Here’s one measure of problems in the commercial market: Three years ago, the number of commercial properties with loan balances of $1 million or more, and which fell into foreclosure, totaled 15, according to a Gazette analysis of El Paso County Public Trustee records. A year later, the total was 24. In 2009, the number of commercial properties with loan balances of $1 million and up and that were foreclosed on had ballooned to 73.

“I think there’s going to (be) a flood of distressed properties coming back on the market,” said Jim Justus, president of Olive Real Estate Group, a Springs brokerage.

The Pikes Peak region’s residential market has had thousands of foreclosure filings over each of the past three years. While the commercial market won’t get that bad in terms of numbers of filings, commercial property owners nevertheless are being plagued by the same woes homeowners have faced: a horrible economy, tumbling property values and difficulty borrowing money.

Many homeowners who lost jobs or otherwise took hits to their pocketbooks found themselves unable to pay their mortgages. When they sought to stave off foreclosure by refinancing, some homeowners found themselves out of luck because property values had fallen and their homes were no longer worth what they needed to borrow to continue their loan.

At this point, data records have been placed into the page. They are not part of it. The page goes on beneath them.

Section PlaneGeometry.
Context {R : rcfType}.
Implicit Types a b d c s x y : R.

Lemma sqr_norm2 x y : norm2 x y ^+ 2 = x ^+ 2 + y ^+ 2.
Proof. by rewrite sqr_sqrtr // addr_ge0 ?sqr_ge0. Qed.

Lemma norm2_eq0 x y : (norm2 x y == 0) = (x == 0) && (y == 0).
Proof. by rewrite -sqrf_eq0 sqr_norm2 paddr_eq0 ?sqr_ge0 // !sqrf_eq0. Qed.

Lemma normalized_sumsq x y : (x != 0) || (y != 0) ->
  (x / norm2 x y) ^+ 2 + (y / norm2 x y) ^+ 2 = 1.
Proof.
rewrite -negb_and -norm2_eq0 => r_neq0.
by rewrite !expr_div_n -mulrDl sqr_norm2 divff // -sqr_norm2 sqrf_eq0.
Qed.

Lemma rotation_to_axis x y : exists c s,
  [/\ c ^+ 2 + s ^+ 2 = 1, c * x + s * y = norm2 x y & - s * x + c * y = 0].
Proof.
have [/andP[/eqP-> /eqP->] | xy_neq0] := boolP ((x == 0) && (y == 0)).
  by exists 1, 0; rewrite expr0n /= !addr0 sqrtr0; split; ring.
set r := norm2 x y; have r_neq0 : r != 0 by rewrite norm2_eq0.
exists (x / r), (y / r); split; first by apply: normalized_sumsq; rewrite -negb_and.
  by rewrite -[RHS](mulfK r_neq0) -expr2 sqr_norm2; ring.
by ring.
Qed.

(* the reflection across the line through (c, s), when c ^+ 2 + s ^+ 2 = 1 *)
Definition refl1 c s x y := (c ^+ 2 - s ^+ 2) * x + 2 * c * s * y.
Definition refl2 c s x y := 2 * c * s * x + (s ^+ 2 - c ^+ 2) * y.

Lemma reflection_to_axis x y : exists c s,
  [/\ c ^+ 2 + s ^+ 2 = 1, refl1 c s x y = norm2 x y & refl2 c s x y = 0].
Proof.
set n := norm2 x y; have n2 : n ^+ 2 = x ^+ 2 + y ^+ 2 := sqr_norm2 x y.
have [/andP[/eqP y0 x_le0] | ] := boolP ((y == 0) && (x <= 0)).
  exists 0, 1; rewrite /refl1 /refl2 /n y0 [0 ^+ 2]expr2 mulr0 addr0.
  by rewrite sqrtr_sqr ler0_norm //; split; ring.
rewrite negb_and -ltNge => y_neq0_or_x_gt0.
have d_neq0 : (x + n != 0) || (y != 0).
  case/orP: y_neq0_or_x_gt0 => [-> | x_gt0]; first by rewrite orbT.
  by rewrite gt_eqF // (lt_le_trans x_gt0) // lerDl sqrtr_ge0.
(* reflect across the bisector (x + n, y) of (x, y) and the first axis *)
set r := norm2 (x + n) y; have r2 : r ^+ 2 = (x + n) ^+ 2 + y ^+ 2 := sqr_norm2 _ _.
have r_neq0 : r != 0 by rewrite norm2_eq0 negb_and.
have r2_neq0 : r ^+ 2 != 0 := expf_neq0 2 r_neq0.
exists ((x + n) / r), (y / r); split; first exact: normalized_sumsq.
  have -> : refl1 ((x + n) / r) (y / r) x y = refl1 (x + n) y x y / r ^+ 2.
    by rewrite /refl1; field.
  have -> : refl1 (x + n) y x y =
      n * r ^+ 2 + (x + n) * (x ^+ 2 + y ^+ 2 - n ^+ 2) by rewrite /refl1 r2; ring.
  by rewrite n2 subrr mulr0 addr0 mulfK.
have -> : refl2 ((x + n) / r) (y / r) x y = refl2 (x + n) y x y / r ^+ 2.
  by rewrite /refl2; field.
have -> : refl2 (x + n) y x y = y * (x ^+ 2 + y ^+ 2 - n ^+ 2) by rewrite /refl2; ring.
by rewrite n2 subrr mulr0 mul0r.
Qed.

Lemma binary_quadratic_unit_root a b d : 0 <= b ^+ 2 - 4 * a * d ->
  exists c s, c ^+ 2 + s ^+ 2 = 1 /\ a * c ^+ 2 + b * c * s + d * s ^+ 2 = 0.
Proof.
move=> disc_ge0.
have [-> | a_neq0] := eqVneq a 0; first by exists 1, 0; split; ring.
set disc := b ^+ 2 - 4 * a * d.
set x := - b + Num.sqrt disc; set y := 2 * a.
have y_neq0 : y != 0 by rewrite mulf_neq0 // pnatr_eq0.
set r := norm2 x y; have r_neq0 : r != 0 by rewrite norm2_eq0 negb_and y_neq0 orbT.
exists (x / r), (y / r); split; first by apply: normalized_sumsq; rewrite y_neq0 orbT.
have -> : a * (x / r) ^+ 2 + b * (x / r) * (y / r) + d * (y / r) ^+ 2
    = a * (Num.sqrt disc ^+ 2 - disc) / r ^+ 2 by rewrite /x /y /disc; field.
by rewrite sqr_sqrtr // subrr mulr0 mul0r.
Qed.

Lemma rotation_singular_row0 {u0 u1 u2 u3} : u0 * u3 = u1 * u2 ->
  exists c s, [/\ c ^+ 2 + s ^+ 2 = 1, - s * u0 + c * u2 = 0 & - s * u1 + c * u3 = 0].
Proof.
move=> det0.
have [/andP[/eqP-> /eqP->] | col_neq0] := boolP ((u0 == 0) && (u2 == 0)).
  have [c [s [cs1 _ row0]]] := rotation_to_axis u1 u3.
  by exists c, s; split=> //; ring.
set r := norm2 u0 u2; have r_neq0 : r != 0 by rewrite norm2_eq0.
exists (u0 / r), (u2 / r); split; first by apply: normalized_sumsq; rewrite -negb_and.
  by field.
have -> : - (u2 / r) * u1 + u0 / r * u3 = (u0 * u3 - u1 * u2) / r by field.
by rewrite det0 subrr mul0r.
Qed.

End PlaneGeometry.

Lemma inord_eqE {n} i j : (i <= n)%N -> (j <= n)%N ->
  ((inord i : 'I_n.+1) == inord j) = (i == j).
Proof. by move=> le_in le_jn; rewrite -(inj_eq val_inj) /= !inordK. Qed.

Section Circuits.
Context {R : realType}.

Definition col8 (x0 x1 x2 x3 x4 x5 x6 x7 : R) : 'cV[R]_8 :=
  \col_(k < 8) nth 0 [:: x0; x1; x2; x3; x4; x5; x6; x7] k.

Definition sqnorm (v : 'cV[R]_8) : R := \sum_(k < 8) v k 0 ^+ 2.

(* The norm is recorded so that the amplitude finally reached is known to be 1. *)
Definition reachable (k : nat) (v w : 'cV[R]_8) : Prop :=
  sqnorm w = sqnorm v /\
  exists c : seq (gate R),
    circuit_ok c /\ (num_cz c <= k)%N /\ circuit_mx c *m v = w.

Lemma foldl_gate_mx (c : seq (gate R)) (A : 'M[R]_8) :
  foldl (fun acc g => gate_mx g *m acc) A c = circuit_mx c *m A.
Proof.
elim: c A => [|g c IHc] A; first by rewrite /circuit_mx /= mul1mx.
by rewrite /circuit_mx /= !IHc mulmx1 mulmxA.
Qed.

Lemma circuit_mx_cat (c1 c2 : seq (gate R)) :
  circuit_mx (c1 ++ c2) = circuit_mx c2 *m circuit_mx c1.
Proof. by rewrite {1}/circuit_mx foldl_cat foldl_gate_mx. Qed.

Lemma circuit_ok_cat (c1 c2 : seq (gate R)) :
  circuit_ok c1 -> circuit_ok c2 -> circuit_ok (c1 ++ c2).
Proof. by elim: c1 => [|g c1 IHc1] //= [ok_g ok_c1] ok_c2; split; last exact: IHc1. Qed.

Lemma reachable_trans {k1 k2 u v w} :
  reachable k1 u v -> reachable k2 v w -> reachable (k1 + k2) u w.
Proof.
move=> [norm_uv [c1 [ok1 [cz1 mx1]]]] [norm_vw [c2 [ok2 [cz2 mx2]]]].
split; first by rewrite norm_vw norm_uv.
exists (c1 ++ c2); split; first exact: circuit_ok_cat.
by rewrite /num_cz count_cat leq_add // circuit_mx_cat -mulmxA mx1 mx2.
Qed.

Lemma reachable_leq {k1 k2 v w} : (k1 <= k2)%N -> reachable k1 v w -> reachable k2 v w.
Proof.
move=> le_k [norm_vw [c [ok [cz mx]]]]; split=> //.
by exists c; split=> //; split=> //; apply: leq_trans le_k.
Qed.

Lemma reachable_gate {g : gate R} {v w} : gate_ok g ->
  gate_mx g *m v = w -> sqnorm w = sqnorm v -> reachable (is_cz g) v w.
Proof.
move=> ok_g mx_g norm_vw; split=> //; exists [:: g].
by rewrite /num_cz /= addn0 /circuit_mx /= mulmx1.
Qed.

The commercial market is on a parallel path. As businesses and employers have closed or downsized during the worst economy in decades, many office, retail and industrial building owners have lost tenants, while a lack of substantial job growth means the spaces aren’t filling up.

The combined vacancy rate for office and industrial buildings and shopping centers jumped to 13.1 percent at the end of 2009; two years earlier, it was 8.3 percent, according to Springs-based Turner Commercial Research.

Meanwhile, property owners who haven’t lost tenants face demands for free rent, lower lease rates or other concessions from businesses that are struggling.

Commercial owners whose rental incomes plunge are often then hit with a reduction in property values. When commercial loans come due (which, unlike home mortgages, happens every few years), property owners with declining values can’t get extensions from lenders.

Even if a loan is extended, appraisals might show a commercial property is worth less and lenders will reduce the amount of a new loan — requiring property owners to come up with cash to make up the difference, experts say.
The commercial market is similar to housing in another way: Even if commercial real estate falls into foreclosure, an owner has a chance to hold onto the property by catching up on loan payments or working out a deal with a lender.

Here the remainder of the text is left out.